For Chinese and English, client-side transcription via
AITranscriberManager uses the latest 16k_zh_en large model in the Standard Edition language engine by default. See Billing of Speech AI Service.Target Translation Language
Language Code | Language Name |
zh | Chinese |
en | English |
es | Spanish |
pt | Portuguese |
fr | French |
de | German |
ru | Russian |
ar | Arabic |
ja | Japanese |
ko | Korean |
vi | Vietnamese |
ms | Malay |
id | Indonesian |
it | Italian |
th | Thai |
Note:
Real-time translation currently supports 15 languages for input and output: Chinese, English, Spanish, Portuguese, French, German, Russian, Arabic, Japanese, Korean, Vietnamese, Malay, Indonesian, Italian, Thai. If the preceding ASR transcription language is not one of these, translation cannot be enabled.
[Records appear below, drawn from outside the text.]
(* For every integer $b\ge0$, let $\mathcal{P}(b)$ be the set of unordered partitions of $b$ and for $q\in\mathcal{P}(b)$ let $o(q)$ be the number of parts of $q$ equal to $1$. Then \[ \operatorname{trace}(A_b)=\sum_{q\in\mathcal{P}(b)}2^{o(q)}. \]
   Context: For an integer $b\ge 0$, an ordered partition of $b$ is a finite sequence $(q_1,\ldots,q_k)$ of positive integers summing to $b$ (for $b=0$ the only one is the empty sequence). An ordered partition $(q_1,\ldots,q_k)$ with $k\ge1$ is nontrivially embedded into an ordered partition $(r_1,\ldots,r_\ell)$ by a choice of indices $1\le i_2<\cdots<i_k\le \ell$ with $q_j\le r_{i_j}$ for $2\le j\le k$; different index tuples count as different embeddings. A card for $b$ balls is either (i) a trivial card, given by an ordered partition $q$ of $b$, with left and right partitions both $q$; or (ii) a throw card, given by ordered partitions $q$ ($k\ge1$ parts) and $r$ of $b$ together with a nontrivial embedding of $q$ into $r$, with left partition $q$ and right partition $r$. Different index tuples give different cards, and a throw card is distinct from the trivial card even when $q=r$. $A_b$ is the square matrix with rows and columns indexed by the ordered partitions of $b$ whose $(u,v)$ entry is the number of cards for $b$ balls with left partition $u$ and right partition $v$. *)

From mathcomp Require Import all_boot.
Set Implicit Arguments. Unset Strict Implicit. Unset Printing Implicit Defensive.

Definition is_opart (b : nat) (s : seq nat) : bool :=
  all (fun x => 0 < x) s && (sumn s == b).

(* An unordered partition of b, represented canonically as a nonincreasing
   sequence of positive integers summing to b. *)
Definition is_upart (b : nat) (s : seq nat) : bool :=
  sorted geq s && all (fun x => 0 < x) s && (sumn s == b).

Definition ones (q : seq nat) : nat := count_mem 1 q.

(* Number of nontrivial embeddings of q = (q_1,...,q_k) into r = (r_1,...,r_l):
   index tuples 1 <= i_2 < ... < i_k <= l with q_j <= r_{i_j} (2 <= j <= k).
   A strictly increasing index tuple is encoded by the bit mask m of length l
   selecting the positions {i_2,...,i_k}; the condition is that the selected
   entries (mask m r) have the same length as (q_2,...,q_k) and dominate it
   pointwise. *)
Definition nemb (q r : seq nat) : nat :=
  if q is _ :: s then
    #|[set m : (size r).-tuple bool | all2 leq s (mask m r)]|
  else 0.

(* Entry (u,v) of A_b: number of cards for b balls with left partition u and
   right partition v (one trivial card if u = v, plus one throw card per
   nontrivial embedding of u into v). *)
Definition A_entry (b : nat) (u v : seq nat) : nat :=
  (is_opart b u && is_opart b v) * ((u == v) + nemb u v).

From mathcomp Require Import all_boot zify.
Set Implicit Arguments. Unset Strict Implicit. Unset Printing Implicit Defensive.

(* A self-embedding of u = (u_1, ..., u_k) selects k - 1 of the k positions, so
   it omits exactly one position p, and it is valid iff u_1 >= ... >= u_p.
   Hence A_b(u, u) is the number of nonincreasing prefixes of u, the empty one
   included.  Splitting compositions of b by their last part then gives
   trace(A_b) = sum_(k < b) trace(A_k) + p(b), with p the partition function.
   The weight W(b) = sum_q 2^o(q) obeys the same recursion: removing a part 1
   shows W(b+1) = 2 W(b) + p'(b+1) and p(b+1) = p(b) + p'(b+1), where p'
   counts the partitions without parts 1. *)

Lemma card_tuple_bool_cons n (p : pred (seq bool)) :
  #|[set m : n.+1.-tuple bool | p m]| =
  #|[set m : n.-tuple bool | p (false :: m)]| + #|[set m : n.-tuple bool | p (true :: m)]|.
Proof.
rewrite -!sum1dep_card.
pose f (bt : bool * n.-tuple bool) := [tuple of bt.1 :: bt.2].
have f_bij : bijective f.
  exists (fun t : n.+1.-tuple bool => (thead t, [tuple of behead t])).
    by case=> c t; congr pair; apply: val_inj.
  by move=> t; rewrite [RHS]tuple_eta.
rewrite (reindex f) /=; last exact: onW_bij.
rewrite -(pair_big_dep xpredT (fun (c : bool) (t : n.-tuple bool) => p (c :: t))
                       (fun _ _ => 1)) /=.
by rewrite big_bool addnC.
Qed.

Definition dominating_masks (s r : seq nat) : nat :=
  #|[set m : (size r).-tuple bool | all2 leq s (mask m r)]|.

Lemma nemb_cons x s r : nemb (x :: s) r = dominating_masks s r.
Proof. by []. Qed.

Lemma dominating_masks0 : dominating_masks [::] [::] = 1.
Proof.
rewrite /dominating_masks (eq_card (B := predT)) => [|m]; last by rewrite !inE mask0.
by rewrite card_tuple card_bool.
Qed.

Lemma dominating_masks_cons s y r :
  dominating_masks s (y :: r) =
  dominating_masks s r + (if s is x :: s' then (x <= y) * dominating_masks s' r else 0).
Proof.
pose p m := all2 leq s (mask m (y :: r)).
rewrite /dominating_masks (card_tuple_bool_cons (size r) p) {}/p /=; congr (_ + _).
have card_false n : #|[set m : n.-tuple bool | false]| = 0.
  by apply/eqP; rewrite cards_eq0; apply/eqP/setP => m; rewrite !inE.
case: s => [|x s] /=; first exact: card_false.
by case: (x <= y); rewrite ?mul1n ?mul0n /= ?card_false.
Qed.

Lemma dominating_masks_gt s r : size r < size s -> dominating_masks s r = 0.
Proof.
move=> lt_rs; apply/eqP; rewrite cards_eq0; apply/eqP/setP => m; rewrite !inE.
apply/negbTE/negP; rewrite all2E => /andP[/eqP eq_size _].
by move: lt_rs; rewrite eq_size ltnNge size_subseq ?mask_subseq.
Qed.

Lemma dominating_masks_refl s : dominating_masks s s = 1.
Proof.
elim: s => [|x s IHs]; first exact: dominating_masks0.
by rewrite dominating_masks_cons dominating_masks_gt // leqnn IHs.
Qed.

Fixpoint nonincr_prefix_len (u : seq nat) : nat :=
  if u is x :: s then
    (if s is y :: _ then (y <= x) * nonincr_prefix_len s else 0).+1
  else 0.

Lemma nemb_self u : nemb u u = nonincr_prefix_len u.
Proof.
case: u => // x s; rewrite nemb_cons.
elim: s x => [|y s IHs] x; first by rewrite dominating_masks_cons dominating_masks0.
by rewrite dominating_masks_cons dominating_masks_refl IHs.
Qed.

Lemma nonincr_prefix_len_rcons v y :
  nonincr_prefix_len (rcons v y) = nonincr_prefix_len v + sorted geq (rcons v y).
Proof.
elim: v => // x v IHv.
rewrite rcons_cons /= IHv; case: v {IHv} => [|z v] /=.
  by case: (y <= x).
by case: (z <= x); rewrite ?mul1n ?mul0n ?addSn.
Qed.

Lemma opart0 s : is_opart 0 s = (s == [::]).
Proof. by case: s => // -[|x] s; rewrite /is_opart //= addSn andbF. Qed.

Lemma opart_rcons b v y :
  is_opart b (rcons v y) = [&& 0 < y, y <= b & is_opart (b - y) v].
Proof.
rewrite /is_opart -cats1 all_cat sumn_cat /= andbT addn0.
case: (0 < y); rewrite ?andbF //=; case: (all _ v); rewrite ?andbF //=.
by apply/eqP/andP => [<-|[le_yb /eqP ->]]; rewrite ?leq_addl ?addnK ?subnK.
Qed.

Lemma size_opart b s : is_opart b s -> size s <= b.
Proof.
case/andP=> pos_s /eqP <-{b}; elim: s pos_s => //= x s IHs /andP[x_gt0 /IHs].
by rewrite -addn1 addnC; apply: leq_add.
Qed.

Fixpoint compositions (n b : nat) : seq (seq nat) :=
  if b is _.+1 then
    if n is n'.+1 then [seq rcons v (b - k) | k <- iota 0 b, v <- compositions n' k]
    else [::]
  else [:: [::]].

Lemma compositionsS n b :
  compositions n.+1 b.+1 =
  [seq rcons v (b.+1 - k) | k <- iota 0 b.+1, v <- compositions n k].
Proof. by []. Qed.

Lemma mem_compositions n b s :
  (s \in compositions n b) = is_opart b s && (size s <= n).
Proof.
elim: n b s => [|n IHn] [|b] s;
  try by rewrite ?inE ?opart0; case: s => [|? ?]; rewrite /= ?andbF.
rewrite compositionsS; apply/allpairsPdep/idP => [[k [v [lt_kb v_k ->]]]|].
  rewrite mem_iota in lt_kb; rewrite IHn in v_k.
  rewrite opart_rcons size_rcons ltnS subKn; last by lia.
  by case/andP: v_k => -> ->; rewrite !andbT; apply/andP; split; lia.
case/lastP: s => [|v y] //; rewrite opart_rcons size_rcons ltnS.
case/andP=> /and3P[y_gt0 le_yb v_opart] le_vn.
exists (b.+1 - y), v; rewrite mem_iota IHn v_opart le_vn subKn //.
by split => //; lia.
Qed.

Lemma uniq_compositions n b : uniq (compositions n b).
Proof.
elim: n b => [|n IHn] [|b] //; rewrite compositionsS.
apply: allpairs_uniq_dep => [|k _|]; [exact: iota_uniq | exact: IHn |].
move=> [k1 v1] [k2 v2] /allpairsPdep[k1' [_ [+ _ [ek1 _]]]]
  /allpairsPdep[k2' [_ [+ _ [ek2 _]]]].
rewrite -ek1 -ek2 !mem_iota => lt_k1 lt_k2 /= /rcons_inj[-> eq_last].
by have -> : k1 = k2 by lia.
Qed.

Lemma mem_compositions_self b s : (s \in compositions b b) = is_opart b s.
Proof. by rewrite mem_compositions andb_idr //; apply: size_opart. Qed.

Lemma sum_compositions_last (F : seq nat -> nat) b :
  \sum_(u <- compositions b.+1 b.+1) F u =
  \sum_(k < b.+1) \sum_(v <- compositions k k) F (rcons v (b.+1 - k)).
Proof.
rewrite compositionsS big_allpairs_dep.
rewrite -{1}(subn0 b.+1) -/(index_iota 0 b.+1) big_mkord.
apply: eq_bigr => k _; apply: perm_big; apply: uniq_perm; rewrite ?uniq_compositions //.
move=> v; rewrite mem_compositions mem_compositions_self andb_idr // => /size_opart.
by move/leq_trans; apply; rewrite -ltnS.
Qed.

Lemma sorted_geq_rcons v y : sorted geq (rcons v y) = sorted geq v && all (leq y) v.
Proof.
rewrite -rev_sorted rev_rcons /= path_sortedE ?all_rev ?rev_sorted 1?andbC //.
exact: leq_trans.
Qed.

Lemma A_entry_diag b u : is_opart b u -> A_entry b u u = (nonincr_prefix_len u).+1.
Proof. by rewrite /A_entry => ->; rewrite eqxx nemb_self /= mul1n add1n. Qed.

Definition trace_A (b : nat) : nat :=
  \sum_(u <- compositions b b) (nonincr_prefix_len u).+1.

Definition partition_count (b : nat) : nat :=
  \sum_(q <- compositions b b | sorted geq q) 1.

Definition partition_weight (b : nat) : nat :=
  \sum_(q <- compositions b b | sorted geq q) 2 ^ ones q.

Lemma trace_A_rec b : trace_A b = \sum_(k < b) trace_A k + partition_count b.
Proof.
case: b => [|b].
  by rewrite big_ord0 /trace_A /partition_count /= !big_cons !big_nil.
rewrite /trace_A /partition_count [X in _ + X]big_mkcond.
rewrite !sum_compositions_last -big_split.
apply: eq_bigr => k _; rewrite -big_split; apply: eq_bigr => v _.
by rewrite nonincr_prefix_len_rcons -addSn; case: sorted.
Qed.

Lemma sum_partitions_succ (F : seq nat -> nat) b :
  \sum_(q <- compositions b.+1 b.+1 | sorted geq q) F q =
  \sum_(q <- compositions b b | sorted geq q) F (rcons q 1) +
  \sum_(q <- compositions b.+1 b.+1 | sorted geq q && (1 \notin q)) F q.
Proof.
rewrite (bigID (fun q => 1 \in q)); congr (_ + _).
rewrite -big_filter -[RHS]big_filter -(big_map (rcons^~ 1) xpredT F).
apply: perm_big; apply: uniq_perm.
- exact: filter_uniq (uniq_compositions _ _).
- by rewrite map_inj_uniq ?filter_uniq ?uniq_compositions //; apply: rcons_injl.
move=> q; rewrite mem_filter mem_compositions_self; apply/idP/mapP.
  case/lastP: q => [|v y]; first by rewrite andbF.
  rewrite sorted_geq_rcons opart_rcons mem_rcons inE.
  case/andP=> /andP[/andP[sorted_v ge_y] one_in] /and3P[y_gt0 _ opart_v].
  have le_y1 : y <= 1 by case/orP: one_in => [/eqP <- | /(allP ge_y)].
  have y1 : y = 1 by lia.
  rewrite y1 subn1 in opart_v.
  by exists v; rewrite ?y1 // mem_filter sorted_v mem_compositions_self.
case=> v; rewrite mem_filter mem_compositions_self => /andP[sorted_v opart_v] ->.
rewrite sorted_geq_rcons sorted_v opart_rcons subn1 opart_v mem_rcons mem_head !andbT /=.
by case/andP: opart_v.
Qed.

Lemma partition_weight_succ b :
  partition_weight b.+1 + partition_count b = 2 * partition_weight b + partition_count b.+1.
Proof.
rewrite /partition_weight /partition_count !sum_partitions_succ.
have ones_rcons1 q : 2 ^ ones (rcons q 1) = 2 * 2 ^ ones q.
  by rewrite /ones -cats1 count_cat addn1 expnS.
rewrite (eq_bigr _ (fun q _ => ones_rcons1 q)) -big_distrr.
rewrite [X in _ + X + _](eq_bigr (fun=> 1)) => [|q /andP[_ /count_memPn]];
  last by rewrite /ones => ->.
by rewrite -addnA (addnC (\sum_(q <- compositions b.+1 b.+1 | _) 1)).
Qed.

Lemma partition_weight_rec b :
  partition_weight b = \sum_(k < b) partition_weight k + partition_count b.
Proof.
elim: b => [|b IHb].
  by rewrite big_ord0 /partition_weight /partition_count /= !big_cons !big_nil.
apply/(@addIn (partition_count b)); rewrite partition_weight_succ big_ord_recr /= IHb.
set S := \sum_(k < b) _; lia.
Qed.

Lemma eq_partial_sum_rec (F G c : nat -> nat) :
  (forall b, F b = \sum_(k < b) F k + c b) ->
  (forall b, G b = \sum_(k < b) G k + c b) -> F =1 G.
Proof.
move=> F_rec G_rec; elim/ltn_ind=> b IHb; rewrite F_rec G_rec; congr (_ + _).
by apply: eq_bigr => k _; apply: IHb.
Qed.

Theorem theorem11 (b : nat) (P Q : seq (seq nat)) :
  uniq P -> (forall s, (s \in P) = is_opart b s) ->
  uniq Q -> (forall s, (s \in Q) = is_upart b s) ->
  \sum_(u <- P) A_entry b u u = \sum_(q <- Q) 2 ^ ones q.
Proof.
move=> uniq_P mem_P uniq_Q mem_Q.
have -> : \sum_(u <- P) A_entry b u u = trace_A b.
  rewrite (eq_big_seq (fun u => (nonincr_prefix_len u).+1)) => [|u]; last first.
    by rewrite mem_P; apply: A_entry_diag.
  apply/perm_big/uniq_perm; rewrite ?uniq_compositions // => u.
  by rewrite mem_P mem_compositions_self.
rewrite (eq_partial_sum_rec trace_A_rec partition_weight_rec b) /partition_weight -big_filter.
apply/perm_big/uniq_perm; rewrite ?filter_uniq ?uniq_compositions // => q.
by rewrite mem_Q mem_filter mem_compositions_self /is_upart /is_opart andbA.
Qed.
Section NumradBound.
Variables (R : realType) (m n : nat) (x : R) (c : 'I_m -> R).
Variables (al r : 'I_n -> R) (mj : 'I_n -> nat) (b : 'I_n -> nat -> R) (be : R).
Hypotheses (m_gt0 : (0 < m)%N) (x_ge0 : 0 <= x) (b_ge0 : forall j k, 0 <= b j k).
Hypotheses (r_gt0 : forall j, 0 < r j) (mj_gt0 : forall j, (0 < mj j)%N).
Hypothesis x_le_pole : forall j, x <= al j + (r j)^-1.

Local Notation T := (\sum_(j < n) \sum_(1 <= k < (mj j).+1) b j k * r j ^+ k).

Hypothesis x_pow_le : x ^+ m <= \sum_(i < m) c i * x ^+ i + T.
Hypothesis quad_form_le : forall u : 'I_m -> R,
  \sum_k (\sum_i u i * compB0 c i k) * u k <= be * \sum_i u i ^+ 2.

Local Notation Fr j := (\sum_(1 <= k < (mj j).+1) (r j ^+ k) ^+ 2).
Local Notation alpha := (\big[Num.max/0]_(j < n) (al j + cos (pi / (mj j).+1%:R))).

Lemma Fr_ge0 j : 0 <= Fr j.
Proof. by rewrite sumr_ge0 // => k _; apply: sqr_ge0. Qed.

Lemma T_ge0 : 0 <= T.
Proof.
rewrite sumr_ge0 // => j _; rewrite sumr_ge0 // => k _.
by rewrite mulr_ge0 ?exprn_ge0 ?b_ge0 ?ltW.
Qed.

Lemma companion_quad_ge :
  x * \sum_(i < m) (x ^+ i) ^+ 2 <=
  \sum_(k < m) (\sum_(i < m) x ^+ i * compB0 c i k) * x ^+ k + x ^+ m.-1 * T.
Proof.
have last_row : (m.-1 < m)%N by rewrite prednK.
have -> : \sum_(k < m) (\sum_(i < m) x ^+ i * compB0 c i k) * x ^+ k =
          \sum_(i < m) x ^+ i * \sum_(k < m) compB0 c i k * x ^+ k.
  under eq_bigr => k _ do rewrite mulr_suml.
  rewrite exchange_big; apply: eq_bigr => i _; rewrite mulr_sumr.
  by apply: eq_bigr => k _; rewrite mulrA.
have -> : x ^+ m.-1 * T = \sum_(i < m) (if i.+1 == m then x ^+ i * T else 0).
  rewrite (bigD1 (Ordinal last_row)) //= prednK // eqxx.
  rewrite [X in _ + X]big1 ?addr0 // => i i_neq.
  by rewrite ifN //; apply: contra i_neq => i_last; rewrite -val_eqE /= -eqSS prednK.
rewrite -big_split mulr_sumr; apply: ler_sum => i _ /=.
have -> : x * (x ^+ i) ^+ 2 = x ^+ i * x ^+ i.+1 by rewrite [x ^+ i.+1]exprS expr2 mulrCA.
rewrite compB0_mul_pow; case: (i.+1 =P m) => [i_last|_]; last by rewrite addr0.
by rewrite -mulrDr ler_wpM2l ?exprn_ge0 // i_last.
Qed.

Lemma pole_quad_le j :
  x * Fr j <= (al j + cos (pi / (mj j).+1%:R)) * Fr j + r j.
Proof.
have r_neq0 : r j != 0 by rewrite gt_eqF.
have x_Fr : x * Fr j <= (al j + (r j)^-1) * Fr j by rewrite ler_wpM2r ?Fr_ge0.
have inv_Fr : (r j)^-1 * Fr j =
    r j + \sum_(2 <= k < (mj j).+1) r j ^+ k * r j ^+ k.-1.
  rewrite mulr_sumr big_ltn ?ltnS // expr1; congr (_ + _); first by field.
  apply: eq_big_nat => k /andP[k_ge2 _]; case: k k_ge2 => // k _.
  by rewrite /= [r j ^+ k.+1]exprS; field.
have := sum_path_le_cos (fun k => r j ^+ k) (mj_gt0 j).
by move: x_Fr; rewrite mulrDl inv_Fr mulrDl; lra.
Qed.

Lemma path_quad_le :
  x * \sum_(j < n) Fr j <= alpha * \sum_(j < n) Fr j + \sum_(j < n) r j.
Proof.
rewrite !mulr_sumr -big_split; apply: ler_sum => j _ /=.
apply: le_trans (pole_quad_le j) _; rewrite lerD2r ler_wpM2r ?Fr_ge0 //.
exact: (le_bigmax 0 (fun j => al j + cos (pi / (mj j).+1%:R))).
Qed.

Lemma sum_pole_le :
  \sum_(j < n) r j <=
  Num.sqrt (\sum_(j < n) mj j)%:R * Num.sqrt (\sum_(j < n) Fr j).
Proof.
under eq_bigr do rewrite -[r _]mul1r.
apply: le_trans (sum_mul_le_sqrt _ _ _ _) _.
rewrite ler_pM ?sqrtr_ge0 // ler_wsqrtr //.
  rewrite natr_sum; apply: ler_sum => j _; rewrite expr1n ler1n; exact: mj_gt0.
apply: ler_sum => j _; rewrite big_ltn ?ltnS // expr1 lerDl.
by rewrite sumr_ge0 // => k _; apply: sqr_ge0.
Qed.

Lemma T_le_sqrt :
  T <= Num.sqrt (\sum_(j < n) \sum_(1 <= k < (mj j).+1) b j k ^+ 2) *
       Num.sqrt (\sum_(j < n) Fr j).
Proof.
apply: le_trans (_ : _ <= \sum_(j < n) Num.sqrt (\sum_(1 <= k < (mj j).+1) b j k ^+ 2) *
                             Num.sqrt (Fr j)) _.
  by apply: ler_sum => j _; apply: sum_mul_le_sqrt.
apply: le_trans (sum_mul_le_sqrt _ _ _ _) _.
by rewrite !(eq_bigr _ (fun j _ => sqr_sqrtr _)) // => j _;
  rewrite sumr_ge0 // => k _; apply: sqr_ge0.
Qed.

Local Notation gamma := (Num.sqrt ((\sum_(j < n) mj j)%:R : R)).
Local Notation delta := (Num.sqrt (\sum_(j < n) \sum_(1 <= k < (mj j).+1) b j k ^+ 2)).

Lemma bound_numrad :
  x <= (alpha + be + Num.sqrt ((alpha - be) ^+ 2 + (gamma + delta) ^+ 2)) / 2.
Proof.
have rows := companion_quad_ge; have /= quad := quad_form_le (fun i => x ^+ i).
have poles := path_quad_le; have r_le := sum_pole_le.
set E2 := \sum_(i < m) (x ^+ i) ^+ 2; set F2 := \sum_(j < n) Fr j.
set E := Num.sqrt E2; set F := Num.sqrt F2.
have E2_ge1 : 1 <= E2.
  rewrite /E2 (bigD1 (Ordinal m_gt0)) //= expr0 expr1n lerDl.
  by rewrite sumr_ge0 // => i _; apply: sqr_ge0.
have F2_ge0 : 0 <= F2 by rewrite sumr_ge0 // => j _; apply: Fr_ge0.
have E_ge1 : 1 <= E by rewrite -sqrtr1 ler_wsqrtr.
have EE : E ^+ 2 = E2 by rewrite sqr_sqrtr // (le_trans ler01).
have FF : F ^+ 2 = F2 by rewrite sqr_sqrtr.
have x_last_le : x ^+ m.-1 <= E.
  rewrite -(ger0_norm (exprn_ge0 _ x_ge0)) -sqrtr_sqr ler_wsqrtr //.
  have last_row : (m.-1 < m)%N by rewrite prednK.
  by rewrite /E2 (bigD1 (Ordinal last_row)) //= lerDl sumr_ge0 // => i _; apply: sqr_ge0.
have tail_le : x ^+ m.-1 * T <= E * (delta * F).
  by rewrite ler_pM ?exprn_ge0 ?T_ge0 ?T_le_sqrt.
have r_le' : \sum_(j < n) r j <= gamma * F * E.
  apply: le_trans r_le _; rewrite -[leLHS]mulr1 ler_wpM2l // mulr_ge0 ?sqrtr_ge0 //.
have rho_ge : x * (F ^+ 2 + E ^+ 2) <=
    alpha * F ^+ 2 + be * E ^+ 2 + (gamma + delta) * F * E.
  by rewrite FF EE; move: rows quad poles tail_le r_le'; rewrite -/E2 -/F2; lra.
have FE_gt0 : 0 < F ^+ 2 + E ^+ 2 by rewrite ltr_wpDl ?sqr_ge0 // EE (lt_le_trans ltr01).
by rewrite -(ler_pM2r FE_gt0); apply: le_trans rho_ge (quad_form_le_max_eig _ _ _ _ _).
Qed.

End NumradBound.

Section Eigenvalue.
Variables (R : realType) (p m n : nat) (nu : 'cV[R[i]]_p -> R).
Hypotheses (nu_norm : is_vnorm nu) (p_gt0 : (0 < p)%N).
Variables (C : 'I_m -> 'M[R[i]]_p) (a : 'I_n -> R[i]) (mj : 'I_n -> nat).
Variables (B : 'I_n -> nat -> 'M[R[i]]_p) (lam0 : R[i]).
Hypothesis eig : is_eigenvalue C a mj B lam0.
For additional language support, please contact us.
AI translation results are provided for reference only and should not be considered professional advice or conclusions.
Server Error Codes
Error Code | Meaning | Recommended Action |
2000 | Parameter error. | Check whether the request parameters are valid. |
2002 | Task does not exist. | If returned when calling the stop interface, can be ignored. |
2026 | Transcription service (ASR/Translation service) not enabled. | Enable the relevant service in the console. |
3000 | Internal error. | Retry the operation. |
4003 | Task is exiting. | If returned when calling the stop interface, can be ignored. |
5000 | Resource overload. | Use a backoff strategy and retry. |
5001 | Concurrency limit. | Contact the product team to increase concurrency limits. |
-102009 | Host is not in the room. | Check host status and retry after confirmation. |
-102005 | Room does not exist. | Check room status and retry after confirmation. |